= Gonozooid =

Reproductive individuals of colonial organisms

A gonozooid is any of the reproductive individuals of tunicate, bryozoan, or hydrozoan colonies that produce gametes. Gonozooids may play a role in labour division or in alternation of generations. A gonozooid typically has hardly any other function than reproduction, amounting to little more than a motile gonad.

The production of gonozooids amounts to one aspect of certain classes of alternation of generations. In biological terms the various forms are examples of evolutionary strategies and are largely analogous rather than homologous; the gonozooid phases of tunicates and bryozoans, for instance, did not originate from a common ancestor.

== Examples of species with gonozooids ==
=== Hydractinia symbiolongicarpus ===
Polyps from the cnidarian Hydractinia symbiolongicarpus form colonies where labour is divided between reproduction (gonozooids), feeding (gastrozooids) and defense (dactylozooid). Even though they are genetically identical, there is a distinct morphological difference between those polyps. The gonozooids have gametes-producing organs called gonophores on their body column. They lack the mouth and tentacles present on gastrozooids, and the stinging cells present on the dactylozooid. They can only survive as part of the colony.

=== Doliolum nationalis ===
The tunicate Doliolum nationalis does not form colonies, but is a free swimming-organism. It exhibits alternation of generation in its life cycle. In this organism, the gonozooids are hermaphrodites. They both produce and fertilize ova, which in turn develop into oozooids, the asexual stage. This oozoid develops further and takes on a quite different form than the gonozooid. Through asexual reproduction called budding, new gonozooids are produced and the life cycle closes.

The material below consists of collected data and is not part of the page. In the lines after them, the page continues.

Lemma half_node_angle_cand N m : (0 < N)%nat -> (m < N)%nat ->
  exists c, valid_cand N c /\ same_line (- (PI * INR m / INR N)) (cand_angle N c).
Proof.
  intros HN Hm; assert (HNR : INR N <> 0) by (apply not_0_INR; lia).
  destruct (Nat.Even_or_Odd m) as [[j ->] | [j ->]]; destruct (Nat.even N) eqn:EN.
  - exists (Through j); split.
    + unfold valid_cand; rewrite EN; pose proof (even_half N EN); lia.
    + exists 0%Z; unfold cand_angle; rewrite mult_INR; simpl; field; exact HNR.
  - exists (Through j); split.
    + unfold valid_cand; rewrite EN; lia.
    + exists 0%Z; unfold cand_angle; rewrite mult_INR; simpl; field; exact HNR.
  - exists (Between j); split.
    + split; [exact EN | pose proof (even_half N EN); lia].
    + exists 0%Z; unfold cand_angle; rewrite plus_INR, mult_INR; simpl; field; exact HNR.
  - (* For odd N the line between nodes j and j+1 passes through the node opposite to them. *)
    assert (HO : Nat.Odd N) by (apply Nat.odd_spec; unfold Nat.odd; rewrite EN; reflexivity).
    destruct HO as [h Hh].
    exists (Through (j + h + 1)); split.
    + unfold valid_cand; rewrite EN; lia.
    + exists 1%Z; unfold cand_angle.
      assert (HNh : INR N = 2 * INR h + 1) by (rewrite Hh, plus_INR, mult_INR; reflexivity).
      rewrite !plus_INR, !mult_INR, HNh; rewrite HNh in HNR; simpl; field; exact HNR.
Qed.
(* Let $N\ge0$ be an integer. For generic complex $a,b,c,d,q$, the unique coefficients $C_k^l$ ($0\le k,l\le N$) in the polynomial identity $$(ax;q^{-1})_k\,(bx;q^{-1})_{N-k}=\sum_{l=0}^N C_k^l\,(cx;q)_l\,(dx;q)_{N-l}$$ are $$C_k^l=q^{l(l-N)}\binom{N}{l}_q\frac{(q^{1-N}b/d;q)_l\,(q^{1-N}b/c;q)_{N-l}\,(q^{1-k}a/c;q)_k}{(q^{l-N}c/d;q)_l\,(q^{-l}d/c;q)_{N-l}\,(q^{1-N}b/c;q)_k}\;{}_4\phi_3\!\left[\begin{matrix}q^{-k},q^{-l},q^{k-N}b/a,q^{l-N}c/d\\ q^{-N},c/a,q^{1-N}b/d\end{matrix};q,q\right].$$
   Context: $(a;q)_k=\prod_{j=0}^{k-1}(1-aq^j)$ (for any base, so $(a;q^{-1})_k=\prod_{j=0}^{k-1}(1-aq^{-j})$), $\binom{N}{l}_q=\frac{(q;q)_N}{(q;q)_l(q;q)_{N-l}}$, and ${}_4\phi_3\!\left[\begin{matrix}a_1,\dots,a_4\\ b_1,b_2,b_3\end{matrix};q,z\right]=\sum_{k\ge0}\frac{(a_1,\dots,a_4;q)_k}{(q,b_1,b_2,b_3;q)_k}z^k$ (terminating). *)

From mathcomp Require Import all_boot all_order all_algebra.
From mathcomp Require Import Rstruct complex.
From mathcomp Require Import mpoly.
Set Implicit Arguments. Unset Strict Implicit. Unset Printing Implicit Defensive.
Import Order.TTheory GRing.Theory Num.Theory.
Local Open Scope ring_scope.

Notation C := (Rdefinitions.R[i]).

Definition qpoch (a q : C) (k : nat) : C := \prod_(j < k) (1 - a * q ^+ j).
(* For $n\in\mathbb{Z}_+^I$, $j\in\mathcal{J}^\circ$ and $i\in\mathcal{I}$ with $j\in i$, $$E\,M^\circ_{ji}(n)=\frac{1}{\mu_{ji}}\frac{B^{+j}(n-e_i)}{B(n)},$$ where $e_i$ is the $i$-th unit vector.
   Context: Closed multiclass network: finite queue set $\mathcal{J}$, finite route set $\mathcal{I}$, each route a subset of $\mathcal{J}$ with a cyclic visiting order (each queue at most once), rates $\mu_{ji}>0$ for $j\in i$. For $k\in\mathbb{Z}_+^I$, $\mathcal{S}(k)$ is the set of $m=(m_{ji}: j\in i)$ with nonnegative integer entries and $\sum_{j\in i}m_{ji}=k_i$, $m_j=\sum_{i: j\in i}m_{ji}$; the stationary distribution is $\pi(m\mid k)=B(k)^{-1}\prod_{j}\big(\frac{m_j!}{\prod_{i: j\in i}m_{ji}!}\prod_{i: j\in i}\mu_{ji}^{-m_{ji}}\big)$ with normalizing constant $B(k)$. $\Lambda^*(n)$ is the unique optimizer of: maximize $\sum_i n_i\log\Lambda_i$ s.t. $\sum_{i: j\in i}\Lambda_i/\mu_{ji}\le1$ for all $j$, $\Lambda\ge0$, and $\mathcal{J}^\circ=\{j:\sum_{i: j\in i}\Lambda^*_i(n)/\mu_{ji}<1\}$. $M^\circ_{ji}(n)$ is the number of route-$i$ customers at queue $j$ under the stationary distribution $\pi(\cdot\mid n)$. $B^{+j}(k)$ is the normalizing constant (same formula) of the closed network obtained by adding a replica of queue $j$ immediately after $j$ on every route through $j$, with the same rates $\mu_{ji}$ at the replica. *)

From HB Require Import structures.
From mathcomp Require Import all_boot all_order all_algebra.
From mathcomp Require Import reals exp.
Set Implicit Arguments. Unset Strict Implicit. Unset Printing Implicit Defensive.
Import Order.TTheory GRing.Theory Num.Theory.
Local Open Scope ring_scope.

(* A closed multiclass network: finite queue type Q, finite route type I,
   route i : {set Q} the queues visited by route i (each at most once; the
   cyclic visiting order does not enter any quantity below), rates mu q i. *)

Definition cfg_bound (I : finType) (k : I -> int) : nat := (\sum_i `|k i|)%N.

(* m : Q*I -> 'I_(K.+1) encodes (m_{qi}); membership in S(k). *)
Definition in_S (Q I : finType) (route : I -> {set Q}) (k : I -> int) (K : nat)
  (m : {ffun Q * I -> 'I_K.+1}) : bool :=
  [forall q, forall i, (q \notin route i) ==> (val (m (q, i)) == 0%N)] &&
  [forall i, ((\sum_(q in route i) val (m (q, i)))%N)%:Z == k i].

Definition occ (Q I : finType) (route : I -> {set Q}) (K : nat)
  (m : {ffun Q * I -> 'I_K.+1}) (q : Q) : nat :=
  (\sum_(i | q \in route i) val (m (q, i)))%N.

Definition weight (R : realType) (Q I : finType) (route : I -> {set Q})
  (mu : Q -> I -> R) (K : nat) (m : {ffun Q * I -> 'I_K.+1}) : R :=
  \prod_q ( ((occ route m q)`!)%:R
            / (\prod_(i | q \in route i) ((val (m (q, i)))`!)%:R)
            * \prod_(i | q \in route i) (mu q i) ^- (val (m (q, i))) ).

(* normalizing constant B(k); S(k) is empty (B(k) = 0) if some k_i < 0 *)
Definition Bconst (R : realType) (Q I : finType) (route : I -> {set Q})
  (mu : Q -> I -> R) (k : I -> int) : R :=
  \sum_(m : {ffun Q * I -> 'I_(cfg_bound k).+1} | in_S route k m) weight route mu m.

Definition natvec (I : finType) (n : I -> nat) : I -> int := fun i => (n i)%:Z.

Definition minus_e (I : finType) (n : I -> nat) (i : I) : I -> int :=
  fun i' => (n i')%:Z - (i' == i)%:Z.

Definition EM (R : realType) (Q I : finType) (route : I -> {set Q})
  (mu : Q -> I -> R) (n : I -> nat) (j : Q) (i : I) : R :=
  \sum_(m : {ffun Q * I -> 'I_(cfg_bound (natvec n)).+1} | in_S route (natvec n) m)
     (weight route mu m / Bconst route mu (natvec n)) * (val (m (j, i)))%:R.

(* network with a replica (None) of queue j inserted after j on every route through j *)
Definition plus_route (Q I : finType) (route : I -> {set Q}) (j : Q) :
  I -> {set option Q} :=
  fun i => (Some @: route i) :|: (if j \in route i then [set None] else set0).

Definition plus_mu (R : realType) (Q I : finType) (mu : Q -> I -> R) (j : Q) :
  option Q -> I -> R :=
  fun q i => match q with Some q' => mu q' i | None => mu j i end.

Definition load (R : realType) (Q I : finType) (route : I -> {set Q})
  (mu : Q -> I -> R) (L : I -> R) (j : Q) : R :=
  \sum_(i | j \in route i) L i / mu j i.

Definition feasible (R : realType) (Q I : finType) (route : I -> {set Q})
  (mu : Q -> I -> R) (L : I -> R) : Prop :=
  (forall i, 0 <= L i) /\ (forall j, load route mu L j <= 1).

(* objective sum_i n_i log L_i; it is -oo when n_i > 0 and L_i = 0, so
   admissible points are feasible points with finite objective *)
Definition objective (R : realType) (I : finType) (n : I -> nat) (L : I -> R) : R :=
  \sum_i (n i)%:R * ln (L i).

Definition admissible (R : realType) (Q I : finType) (route : I -> {set Q})
  (mu : Q -> I -> R) (n : I -> nat) (L : I -> R) : Prop :=
  feasible route mu L /\ (forall i, (0 < n i)%N -> 0 < L i).

Definition is_optimizer (R : realType) (Q I : finType) (route : I -> {set Q})
  (mu : Q -> I -> R) (n : I -> nat) (L : I -> R) : Prop :=
  admissible route mu n L /\
  (forall L', admissible route mu n L' -> objective n L' <= objective n L).
(* Let $m\neq n$ be positive integers and let $g,h\in\mathrm{Homeo}_+(S^1)$ satisfy $gh^mg^{-1}=h^n$. Then $h$ has a periodic point whose period divides $|n-m|$.
   Context: $\mathrm{Homeo}_+(S^1)$ is the group of orientation-preserving homeomorphisms of $S^1$. *)

(* The circle S^1 is modelled as R/Z, represented by [0,1). *)
From Stdlib Require Import Reals ZArith.
Open Scope R_scope.

Definition S1 : Type := {x : R | 0 <= x < 1}.

Definition S1val (x : S1) : R := proj1_sig x.

Definition cdist (x y : S1) : R :=
  Rmin (Rabs (S1val x - S1val y)) (1 - Rabs (S1val x - S1val y)).

Definition S1_continuous (f : S1 -> S1) : Prop :=
  forall (x : S1) (eps : R), 0 < eps ->
    exists delta, 0 < delta /\
      forall y : S1, cdist x y < delta -> cdist (f x) (f y) < eps.

Definition cyc (x y z : S1) : Prop :=
  let a := S1val x in let b := S1val y in let c := S1val z in
  (a < b < c) \/ (b < c < a) \/ (c < a < b).

Definition homeo_plus (f : S1 -> S1) : Prop :=
  exists finv : S1 -> S1,
    (forall x, finv (f x) = x) /\ (forall y, f (finv y) = y) /\
    S1_continuous f /\ S1_continuous finv /\
    (forall x y z, cyc x y z -> cyc (f x) (f y) (f z)).

Definition has_period (h : S1 -> S1) (x : S1) (k : nat) : Prop :=
  (0 < k)%nat /\ Nat.iter k h x = x /\
  (forall j : nat, (0 < j < k)%nat -> Nat.iter j h x <> x).

From Stdlib Require Import Reals ZArith Lra Lia ProofIrrelevance Classical Wf_nat.
Open Scope R_scope.

(* Lift h and g to maps H, G of the real line commuting with x |-> x + 1; the
   relation g h^m g^-1 = h^n lifts to G o H^m = H^n o G + c for one integer c,
   by continuity.  If h^d, d = |n - m|, had no fixed point, H^d x - x would
   avoid the integers, hence by compactness stay in some band
   [p + eps, p + 1 - eps], and H^(dN) x - x would lie between N (p + eps) and
   N (p + 1 - eps).  But iterating the semiconjugacy N times, and using that G
   and every H^j move points a bounded amount, shows that
   H^(nN) 0 - H^(mN) 0 + N c, which is +/- (H^(dN) y - y) + N c, stays bounded:
   impossible for N large.  A fixed point of h^d has least period dividing d.
   The continuity of the lifts follows from their monotonicity and
   surjectivity. *)

Lemma add_nat_mul (F : R -> R) (t s : R) :
  (forall x, F (x + t) = F x + s) ->
  forall (N : nat) x, F (x + INR N * t) = F x + INR N * s.
Proof.
  intros HF N; induction N as [|N IH]; intros x.
  - simpl; rewrite !Rmult_0_l, !Rplus_0_r; reflexivity.
  - rewrite S_INR.
    replace (x + (INR N + 1) * t) with (x + INR N * t + t) by ring.
    rewrite HF, IH; ring.
Qed.

Lemma add_int_of_add1 (F : R -> R) (s : R) :
  (forall x, F (x + 1) = F x + s) ->
  forall (k : Z) x, F (x + IZR k) = F x + IZR k * s.
Proof.
  intros HF k x.
  assert (Hnat : forall N y, F (y + INR N) = F y + INR N * s).
  { intros N y; rewrite <- (Rmult_1_r (INR N)) at 1; exact (add_nat_mul F 1 s HF N y). }
  destruct (Z_le_gt_dec 0 k) as [Hk|Hk].
  - rewrite <- (Z2Nat.id k Hk), <- INR_IZR_INZ; apply Hnat.
  - assert (HN : INR (Z.to_nat (- k)) = - IZR k)
      by (rewrite INR_IZR_INZ, Z2Nat.id, opp_IZR by lia; reflexivity).
    pose proof (Hnat (Z.to_nat (- k)) (x + IZR k)) as E.
    rewrite HN in E; replace (x + IZR k + - IZR k) with x in E by ring.
    lra.
Qed.

Lemma iter_mul {A : Type} (f : A -> A) (p q : nat) (x : A) :
  Nat.iter (p * q) f x = Nat.iter p (Nat.iter q f) x.
Proof.
  induction p as [|p IH]; [reflexivity|].
  simpl Nat.iter; rewrite <- IH, <- Nat.iter_add; reflexivity.
Qed.

Lemma iter_continuity (f : R -> R) (j : nat) :
  continuity f -> continuity (Nat.iter j f).
Proof.
  intros Hf; induction j as [|j IH]; simpl.
  - exact (derivable_continuous _ derivable_id).
  - exact (continuity_comp (Nat.iter j f) f IH Hf).
Qed.

Lemma Rabs_le_inv (a b : R) : Rabs a <= b -> - b <= a <= b.
Proof. unfold Rabs; destruct Rcase_abs; lra. Qed.

Lemma frac_part_range (x : R) : 0 <= frac_part x < 1.
Proof. pose proof (base_fp x); lra. Qed.

Lemma Int_part_add_int (x : R) (k : Z) : Int_part (x + IZR k) = (Int_part x + k)%Z.
Proof.
  symmetry; apply Int_part_spec.
  pose proof (base_Int_part x); rewrite plus_IZR; lra.
Qed.

Lemma frac_part_add_int (x : R) (k : Z) : frac_part (x + IZR k) = frac_part x.
Proof. unfold frac_part; rewrite Int_part_add_int, plus_IZR; ring. Qed.

Lemma frac_part_id (x : R) : 0 <= x < 1 -> frac_part x = x.
Proof.
  intros Hx; unfold frac_part.
  rewrite <- (Int_part_spec x 0) by (simpl; lra); simpl; ring.
Qed.

Lemma IVT_value (f : R -> R) (a b t : R) :
  continuity f -> (f a - t) * (f b - t) <= 0 -> exists z, f z = t.
Proof.
  intros Hf Hab.
  assert (Hft : continuity (fun x => f x - t))
    by (apply continuity_minus; [exact Hf | apply continuity_const; now intros ? ?]).
  destruct (Rle_dec a b) as [Hle|Hgt].
  - destruct (IVT_cor _ a b Hft Hle Hab) as [z [_ Hz]]; exists z; lra.
  - destruct (IVT_cor _ b a Hft ltac:(lra) ltac:(lra)) as [z [_ Hz]]; exists z; lra.
Qed.

Lemma IZR_neq_add_half (j k : Z) : IZR k <> IZR j + / 2.
Proof.
  intros E.
  assert (H : 0 < IZR (k - j) < 1) by (rewrite minus_IZR; lra).
  destruct H as [H0 H1]; apply lt_IZR in H0; apply lt_IZR in H1; lia.
Qed.

Lemma int_valued_constant (f : R -> R) :
  continuity f -> (forall x, exists k, f x = IZR k) -> forall x, f x = f 0.
Proof.
  intros Hf Hint x.
  destruct (Hint 0) as [j Hj], (Hint x) as [k Hk].
  destruct (Z.eq_dec k j) as [<-|Hne]; [congruence|exfalso].
  set (l := if Z_lt_le_dec j k then j else (j - 1)%Z).
  assert (Hl : (f 0 - (IZR l + / 2)) * (f x - (IZR l + / 2)) <= 0).
  { rewrite Hj, Hk; unfold l; destruct Z_lt_le_dec.
    - assert (IZR j + 1 <= IZR k) by (rewrite <- plus_IZR; apply IZR_le; lia). nra.
    - assert (IZR k + 1 <= IZR j) by (rewrite <- plus_IZR; apply IZR_le; lia).
      rewrite minus_IZR; nra. }
  destruct (IVT_value f 0 x _ Hf Hl) as [z Hz].
  destruct (Hint z) as [m Hm]; apply (IZR_neq_add_half l m); congruence.
Qed.

Lemma periodic_extrema (f : R -> R) :
  continuity f -> (forall x, f (x + 1) = f x) ->
  exists a b, forall x, f a <= f x <= f b.
Proof.
  intros Hf Hper.
  destruct (continuity_ab_min f 0 1 ltac:(lra) (fun c _ => Hf c)) as [a [Ha _]].
  destruct (continuity_ab_maj f 0 1 ltac:(lra) (fun c _ => Hf c)) as [b [Hb _]].
  exists a, b; intros x.
  assert (Hfrac : f x = f (frac_part x)).
  { rewrite (Rplus_Int_part_frac_part x) at 1; rewrite Rplus_comm.
    rewrite (add_int_of_add1 f 0) by (intros y; rewrite Hper; ring); ring. }
  pose proof (frac_part_range x).
  rewrite Hfrac; split; [apply Ha | apply Hb]; lra.
Qed.

Lemma periodic_avoiding_integers_band (f : R -> R) :
  continuity f -> (forall x, f (x + 1) = f x) -> (forall x k, f x <> IZR k) ->
  exists (p : Z) (eps : R), 0 < eps /\
    forall x, IZR p + eps <= f x <= IZR p + 1 - eps.
Proof.
  intros Hf Hper Hnint.
  set (p := Int_part (f 0)).
  assert (Hp : forall x, IZR p < f x < IZR p + 1).
  { assert (H0 : IZR p < f 0 < IZR p + 1).
    { pose proof (base_Int_part (f 0)) as Hb; fold p in Hb; pose proof (Hnint 0 p); lra. }
    intros x; split; apply Rnot_le_lt; intros Hx.
    - destruct (IVT_value f 0 x (IZR p) Hf ltac:(nra)) as [z Hz].
      exact (Hnint z p Hz).
    - destruct (IVT_value f 0 x (IZR (p + 1)) Hf ltac:(rewrite plus_IZR; nra)) as [z Hz].
      exact (Hnint z (p + 1)%Z Hz). }
  destruct (periodic_extrema f Hf Hper) as [a [b Hab]].
  exists p, (Rmin (f a - IZR p) (IZR p + 1 - f b)); split.
  - apply Rmin_pos; pose proof (Hp a); pose proof (Hp b); lra.
  - intros x; pose proof (Hab x);
      pose proof (Rmin_l (f a - IZR p) (IZR p + 1 - f b));
      pose proof (Rmin_r (f a - IZR p) (IZR p + 1 - f b)); lra.
Qed.

Lemma displacement_bounded (f : R -> R) :
  continuity f -> (forall x, f (x + 1) = f x + 1) ->
  exists K : Z, forall x, Rabs (f x - x) <= IZR K.
Proof.
  intros Hf Hadd.
  assert (Hcont : continuity (fun x => f x - x))
    by exact (continuity_minus _ _ Hf (derivable_continuous _ derivable_id)).
  destruct (periodic_extrema _ Hcont) as [a [b Hab]];
    [intros x; rewrite Hadd; ring|].
  exists (up (Rabs (f a - a) + Rabs (f b - b))); intros x.
  pose proof (archimed (Rabs (f a - a) + Rabs (f b - b))) as [Hup _].
  pose proof (Hab x); pose proof (Rle_abs (f b - b)); pose proof (Rabs_pos (f b - b)).
  pose proof (Rle_abs (- (f a - a))); rewrite Rabs_Ropp in *; pose proof (Rabs_pos (f a - a)).
  apply Rabs_le; lra.
Qed.
(* Let $\mathcal{D}$ be a liability category, let $N=(G,X,\lambda,\iota;\delta,\hat\alpha)$ be a liability network in $\mathcal{D}$ with $G=(V,E,s,t)$ and liability sheaf $\mathcal{L}$ on $\mathcal{H}_G$. Let $P=\prod_{v}X_v$, $B=\prod_eX_{s(e)}^{\lambda_e}$, $D:P\to B$ with $D_e=\delta_e\circ\pi_{s(e)}$, $A:B\to P$ with $A_v=\alpha_v\circ\langle\pi_e\rangle_{t(e)=v}$, $\Phi=A\circ D:P\to P$, and $\Psi=D\circ A:B\to B$. Then $D$ and $A$ restrict to mutually inverse isomorphisms \[ D:\mathrm{Eq}(\mathrm{id}_P,\Phi)\xrightarrow{\cong}\mathrm{Eq}(\mathrm{id}_B,\Psi),\qquad A:\mathrm{Eq}(\mathrm{id}_B,\Psi)\xrightarrow{\cong}\mathrm{Eq}(\mathrm{id}_P,\Phi) \] in $\mathcal{D}$. In particular $H^0(\mathcal{H}_G;\mathcal{L})\cong\mathrm{Eq}(\mathrm{id}_B,D\circ A)$, and the induced maps $D_*:\mathrm{Fix}(\Phi_* )\to\mathrm{Fix}(\Psi_* )$ and $A_*:\mathrm{Fix}(\Psi_* )\to\mathrm{Fix}(\Phi_* )$ are mutually inverse bijections.
   Context: A liability category is a category $\mathcal{D}$ such that: (1) $\mathcal{D}$ has a terminal object $1$, all finite products, and equalizers; (2) each $\mathrm{Hom}(1,P)$ carries a partial order and postcomposition with any morphism is order-preserving; (3) each $P$ has a distinguished pullback-stable class $\mathcal{S}_P$ of monomorphisms into $P$ (constraint subobjects); (4) a bound selector $\beta_P:\mathrm{Hom}(1,P)\to\mathcal{S}_P$; (5) $\mathrm{Hom}(1,\prod_iP_i)\to\prod_i\mathrm{Hom}(1,P_i)$ is an order isomorphism for finite families with componentwise order. A liability network in $\mathcal{D}$ is $N=(G,X,\lambda,\iota;\delta,\hat\alpha)$ with $G=(V,E,s,t)$ a finite directed graph, payment objects $X_v$, liability morphisms $\lambda_e:1\to X_{s(e)}$, exogenous resources $\iota_v:1\to X_v$, distributors $\delta_e:X_{s(e)}\to X_{s(e)}^{\lambda_e}$ where $X_{s(e)}^{\lambda_e}$ is the domain of $\beta_{X_{s(e)}}(\lambda_e)$, and aggregators $\hat\alpha_v:X_v\times\prod_{t(e)=v}X_{s(e)}^{\lambda_e}\to X_v$; the partial aggregator is $\alpha_v=\hat\alpha_v\circ(\iota_v\times\mathrm{id})$, empty products being $1$. The liability hypergraph $\mathcal{H}_G$ has vertices $V\sqcup\{e^*:e\in E\}$ and hyperedges $h_v^\delta$ (source $\{v\}$, target $\{e^*:s(e)=v\}$), $h_v^\alpha$ (empty source, target $\{e^*:t(e)=v\}\cup\{v\}$); its incidence category $\mathcal{I}(\mathcal{H}_G)$ has one non-identity morphism $h\to w$ per incidence and no other composites. The liability sheaf $\mathcal{L}:\mathcal{I}(\mathcal{H}_G)\to\mathcal{D}$ has stalks $X_v$ at $v$ and $h_v^\delta$, $X_{s(e)}^{\lambda_e}$ at $e^*$, $\prod_{t(e)=v}X_{s(e)}^{\lambda_e}$ at $h_v^\alpha$, and restrictions $\mathrm{id}$, $\delta_e$, projections $\pi_e$, and $\alpha_v$ for $h_v^\delta\to v$, $h_v^\delta\to e^*$, $h_v^\alpha\to e^*$, $h_v^\alpha\to v$ respectively. $H^0(\mathcal{H}_G;\mathcal{L})=\lim_{\mathcal{I}(\mathcal{H}_G)}\mathcal{L}$. For an endomorphism $\Theta:Y\to Y$, $\Theta_*$ is the map $\rho\mapsto\Theta\circ\rho$ on $\mathrm{Hom}(1,Y)$ and $\mathrm{Fix}(\Theta_* )=\{\rho:1\to Y:\Theta\circ\rho=\rho\}$. $\mathrm{Eq}$ denotes the equalizer. *)

From mathcomp Require Import all_boot.

Set Implicit Arguments.
Unset Strict Implicit.
Unset Printing Implicit Defensive.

=== Celleporella hyalina ===
Another colonial gonozooid-forming animal is the bryozoan Celleporella hyalina. Male and female gonozooids are budded from a layer of sterile gastrozooids. The gonozooids then produce larva, which will undergo metamorphosis and become the founder of another colony.

== Roles of gonozooid individuals in the life cycle ==

=== Division of labour ===
In animals such as Hydractinia symbiolongicarpus, gonozooids are part of a colony. Each individual has a role that benefits the colony as a whole. The gonozooids that produce the gametes can sexually reproduce. As the whole colony is genetically identical, it is not necessary for each polyp to individually reproduce, allowing more energy and resources to be used for other tasks such as feeding and defense.

=== Sexual/asexual reproduction frequencies ===
In certain animals, stressful environments have been known to lead to an increase in gonozooid frequencies. Higher gonozooid frequencies lead to more sexual reproduction and thus more offspring being genetically different from their parents. The resulting higher genetic variance increases the chances of beneficial phenotypes appearing in the population. This beneficial phenotype may in turn spread throughout the population and increase its resistance against the stressing factor.